Lemma codeword_dset0 J : J \in C -> dset J 0.
Proof.
move=> /codeword_card J3; have /card_gt0P[x xJ] : 0 < #|J| by rewrite J3.
exact: mem_dset0 xJ.
Qed.

Lemma codeword_dstar1 I : I \in C -> ~~ dstar I 1.
Proof.
move=> IC; have [J JC JI] := codeword_other IC; apply/negP => dI.
have IJ : I != J by rewrite eq_sym.
have /and3P[_ _] := codeword_conflict IC JC IJ L_gt1 dI.
by rewrite addKn modnn codeword_dset0.
Qed.

Lemma codeword_dstarN1 I : I \in C -> ~~ dstar I (L - 1).
Proof.
move=> IC; have [J JC JI] := codeword_other IC; apply/negP => dI.
have IJ : I != J by rewrite eq_sym.
have /and3P[_ + _] := codeword_conflict IC JC IJ (ltac:(lia) : L - 1 < L) dI.
by rewrite subnK ?modnn ?codeword_dset0 //; lia.
Qed.

Lemma dext_disjoint I J x : I \in C -> J \in C -> I != J ->
  x \in dext I -> x \notin dext J.
Proof.
move=> IC JC IJ; have JI : J != I by rewrite eq_sym.
have conflictIJ := codeword_conflict IC JC IJ; have conflictJI := codeword_conflict JC IC JI.
have yL : (x + L - 1) %% L < L by rewrite ltn_pmod //; lia.
rewrite !inE => dI; apply/negP => dJ; case/orP: dI => dI; case/orP: dJ => dJ.
- by have /and3P[/negP []] := conflictIJ x (ltn_ord x) dI; case/andP: dJ.
- by have /and3P[_ _ /negP []] := conflictIJ x (ltn_ord x) dI; case/andP: dJ.
- by have /and3P[_ _ /negP []] := conflictJI x (ltn_ord x) dJ; case/andP: dI.
- by have /and3P[/negP []] := conflictIJ _ yL dI; case/andP: dJ.
Qed.

Lemma dext_ge2 I (x : 'I_L) : I \in C -> x \in dext I -> 2 <= x.
Proof.
move=> IC; rewrite inE; have [//|x_lt2] := leqP 2 x.
have [->|->] : x = 0 :> nat \/ x = 1 :> nat by lia.
  rewrite add0n modn_small; last lia.
  by rewrite (negbTE (codeword_dstarN1 IC)) /dstar eqxx.
by rewrite addKn modnn (negbTE (codeword_dstar1 IC)) /dstar eqxx.
Qed.

Lemma sum_mem_dext (x : 'I_L) : \sum_(I in C) (x \in dext I) <= (2 <= x).
Proof.
have [I0 /andP[I0C xI0]|none] := pickP [pred I in C | x \in dext I]; last first.
  by rewrite big1 // => I IC; move: (none I); rewrite /= IC /= => ->.
rewrite (bigD1 I0) //= xI0 big1 ?addn0 ?(dext_ge2 I0C xI0) // => J /andP[JC JI0].
by rewrite (negbTE (dext_disjoint I0C JC _ xI0)) // eq_sym.
Qed.

Lemma sum_card_dext : \sum_(I in C) #|dext I| <= L - 2.
Proof.
rewrite (eq_bigr _ (fun I _ => card_sum_mem (dext I))) exchange_big /= -sum_ord_ge2.
by apply: leq_sum => x _; apply: sum_mem_dext.
Qed.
════════════════════
> **Activity**
Tally the lines of the material above that include the string "Lemma", then give only the tally.

> **Result of the task**
7